TASK OBJECTIVE: Provide again, from the entries below, every line from the one containing "destruct (IH1 x" through the one containing "(* Let $H$ be", exactly as written, and no other line.

Records drawn from a dataset:
*** Block opens ***

Lemma mp_recursion_dominates A1 A2 C1 C2 W1 W2 :
  C1 <= A1 -> C2 <= A2 -> /2 <= A1 -> /2 <= A2 -> 0 <= W1 -> 0 <= W2 ->
  let M := (A1 + A2) / 2 + (W2 * (A1 - /2) + W1 * (A2 - /2)) / 2 in
  (C1 + C2) / 2 <= M /\ /2 <= M.
Proof.
  intros HC1 HC2 HA1 HA2 HW1 HW2 M.
  assert (0 <= W2 * (A1 - /2)) by (apply Rmult_le_pos; lra).
  assert (0 <= W1 * (A2 - /2)) by (apply Rmult_le_pos; lra).
  unfold M; lra.
Qed.

Lemma RA_MP_dominates T x :
  valid_params T -> RA_phi T x <= RA_MP T x /\ /2 <= RA_MP T x.
Proof.
  revert x; induction T as [|p1 t1 IH1 p2 t2 IH2]; intros x HV.
  - unfold RA_phi, RA_MP, mp_hit, fsize.
    destruct x; simpl; rewrite ?Rplus_0_l, ?Rplus_0_r, ?Rinv_1; lra.
  - destruct HV as [Hp1 [V1 [Hp2 V2]]].
    destruct (IH1 x V1) as [Hc1 Hh1], (IH2 x V2) as [Hc2 Hh2].
    rewrite RA_MP_Node, RA_phi_Node.
    apply mp_recursion_dominates.
    + apply edge_acc_le; assumption.
    + apply edge_acc_le; assumption.
    + rewrite <- (edge_acc_half p1); apply edge_acc_le; assumption.
    + rewrite <- (edge_acc_half p2); apply edge_acc_le; assumption.
    + apply expect_nonneg; [exact V1 | intros; apply both_nonneg].
    + apply expect_nonneg; [exact V2 | intros; apply both_nonneg].
Qed.

Theorem theorem5 (T : tree) (a : bool) :
  is_node T -> valid_params T -> RA_MP T a >= RA_phi T a.
Proof.
  intros _ HV; apply Rle_ge, (RA_MP_dominates T a HV).
Qed.
(* Let $H$ be an RB function for $\mathcal X_r$, $\eta\ge\max_{p\in\mathcal Q}H(\mathbf f[p])$, let $\epsilon,\epsilon'>0$, let $H_{\mathrm{thr}}\in\mathbb R$, and let $\mathcal V$ be a $1-\epsilon$ confidence region. Let $\lambda$ be the event consisting of all $(\vec a,\vec x)\in\mathcal A^n\times\mathcal X^n$ with $nH(\mathcal V(\vec a,\vec x,\epsilon))-\nu(\vec x)\eta\ge H_{\mathrm{thr}}$ (the abort outcome $\perp$ is not in $\lambda$). Then for every $n$-round device behavior $P_{A\mid X}$ and input distribution $\Pi$, the distribution $P_{AX}$ is $\epsilon$-close in total variation distance to a distribution $\tilde P_{AX}(\vec a,\vec x)=\tilde P(\vec a\mid\vec x)\Pi(\vec x)$ on $(\mathcal A^n\cup\{\perp\})\times\mathcal X^n$ such that, according to $\tilde P_{AX}$, either (i) $\Pr(\lambda)\le\epsilon'$, or (ii) $H_{\min}(A\mid X;\lambda)\ge H_{\mathrm{thr}}-\log_2\frac1{\epsilon'}$, where $H_{\min}(A\mid X;\lambda)=-\log_2\sum_{\vec x}\tilde P(\vec x\mid\lambda)\max_{\vec a}\tilde P(\vec a\mid\vec x;\lambda)$ (conditional probabilities computed from $\tilde P_{AX}$).
   Context: Setting. A Bell device consists of $k$ boxes with finite input sets $\mathcal X_i$ and output sets $\mathcal A_i$; $\mathcal X=\prod_i\mathcal X_i$, $\mathcal A=\prod_i\mathcal A_i$. Single-round behaviors $p=(p(a\mid x))_{a,x}$; $\mathcal Q$ the set of quantum behaviors (realizable by a $k$-partite quantum state and local measurements). Bell expression $f$: $f[p]=\sum_{a,x}f(a,x)p(a\mid x)$; fixed $\mathbf f=(f_1,\dots,f_t)$, $\mathbf f[p]\in\mathbb R^t$, $\mathbf f[\mathcal Q]=\{\mathbf f[p]:p\in\mathcal Q\}$. $n$-round device behavior: $P(\vec a\mid\vec x)=\prod_{j=1}^np_{\vec a_{j-1},\vec x_{j-1}}(a_j\mid x_j)$ with each $p_{\vec a_{j-1},\vec x_{j-1}}\in\mathcal Q$, where $\vec a_j,\vec x_j$ are length-$j$ prefixes. Inputs drawn with $\Pi(\vec x)=\prod_j\pi(x_j)$ for a distribution $\pi$ on $\mathcal X$; $P_{AX}(\vec a,\vec x)=P(\vec a\mid\vec x)\Pi(\vec x)$. RB function for nonempty $\mathcal X_r\subseteq\mathcal X$: $H:\mathbf f[\mathcal Q]\to[0,\log_2|\mathcal A|]$ with (1) $\min_{a\in\mathcal A,x\in\mathcal X_r}(-\log_2p(a\mid x))\ge H(\mathbf f[p])$ for all $p\in\mathcal Q$; (2) $H(q\mathbf f[p_1]+(1-q)\mathbf f[p_2])\le qH(\mathbf f[p_1])+(1-q)H(\mathbf f[p_2])$ for $q\in[0,1]$, $p_1,p_2\in\mathcal Q$. For $\mathcal V\subseteq\mathbb R^t$, $H(\mathcal V)$ is a fixed number $\le\inf\{H(\mathbf y):\mathbf y\in\mathbf f[\mathcal Q]\cap\mathcal V\}$, and $0$ if the intersection is empty. $\nu(\vec x)=\#\{j:x_j\notin\mathcal X_r\}$. A $1-\epsilon$ confidence region is an assignment $(\vec a,\vec x)\mapsto\mathcal V(\vec a,\vec x,\epsilon)\subseteq\mathbb R^t$ such that for every $n$-round device behavior, $\Pr_{P_{AX}}[\frac1n\sum_{j=1}^n\mathbf f[p_{\vec a_{j-1},\vec x_{j-1}}]\in\mathcal V(\vec a,\vec x,\epsilon)]\ge1-\epsilon$. *)

From Stdlib Require Import Reals ClassicalEpsilon.
From mathcomp Require Import all_boot.
Set Implicit Arguments. Unset Strict Implicit. Unset Printing Implicit Defensive.
Local Open Scope R_scope.

Definition sumR {T} (s : seq T) (F : T -> R) : R := foldr (fun x acc => F x + acc) 0 s.
Definition prodR {T} (s : seq T) (F : T -> R) : R := foldr (fun x acc => F x * acc) 1 s.
(* maximum over a list; used only for nonnegative quantities (default 0). *)
Definition maxR {T} (s : seq T) (F : T -> R) : R := foldr (fun x acc => Rmax (F x) acc) 0 s.
Definition fsum (T : finType) (F : T -> R) : R := sumR (enum T) F.
Definition fmax (T : finType) (F : T -> R) : R := maxR (enum T) F.

Definition ind (P : Prop) : R := if excluded_middle_informative P then 1 else 0.

Definition log2 (x : R) : R := ln x / ln 2.

Definition is_distr (T : finType) (d : T -> R) : Prop :=
  (forall x, 0 <= d x) /\ fsum d = 1.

*** Block closes ***

EXERCISE ANSWER:
    destruct (IH1 x V1) as [Hc1 Hh1], (IH2 x V2) as [Hc2 Hh2].
    rewrite RA_MP_Node, RA_phi_Node.
    apply mp_recursion_dominates.
    + apply edge_acc_le; assumption.
    + apply edge_acc_le; assumption.
    + rewrite <- (edge_acc_half p1); apply edge_acc_le; assumption.
    + rewrite <- (edge_acc_half p2); apply edge_acc_le; assumption.
    + apply expect_nonneg; [exact V1 | intros; apply both_nonneg].
    + apply expect_nonneg; [exact V2 | intros; apply both_nonneg].
Qed.

Theorem theorem5 (T : tree) (a : bool) :
  is_node T -> valid_params T -> RA_MP T a >= RA_phi T a.
Proof.
  intros _ HV; apply Rle_ge, (RA_MP_dominates T a HV).
Qed.
(* Let $H$ be an RB function for $\mathcal X_r$, $\eta\ge\max_{p\in\mathcal Q}H(\mathbf f[p])$, let $\epsilon,\epsilon'>0$, let $H_{\mathrm{thr}}\in\mathbb R$, and let $\mathcal V$ be a $1-\epsilon$ confidence region. Let $\lambda$ be the event consisting of all $(\vec a,\vec x)\in\mathcal A^n\times\mathcal X^n$ with $nH(\mathcal V(\vec a,\vec x,\epsilon))-\nu(\vec x)\eta\ge H_{\mathrm{thr}}$ (the abort outcome $\perp$ is not in $\lambda$). Then for every $n$-round device behavior $P_{A\mid X}$ and input distribution $\Pi$, the distribution $P_{AX}$ is $\epsilon$-close in total variation distance to a distribution $\tilde P_{AX}(\vec a,\vec x)=\tilde P(\vec a\mid\vec x)\Pi(\vec x)$ on $(\mathcal A^n\cup\{\perp\})\times\mathcal X^n$ such that, according to $\tilde P_{AX}$, either (i) $\Pr(\lambda)\le\epsilon'$, or (ii) $H_{\min}(A\mid X;\lambda)\ge H_{\mathrm{thr}}-\log_2\frac1{\epsilon'}$, where $H_{\min}(A\mid X;\lambda)=-\log_2\sum_{\vec x}\tilde P(\vec x\mid\lambda)\max_{\vec a}\tilde P(\vec a\mid\vec x;\lambda)$ (conditional probabilities computed from $\tilde P_{AX}$).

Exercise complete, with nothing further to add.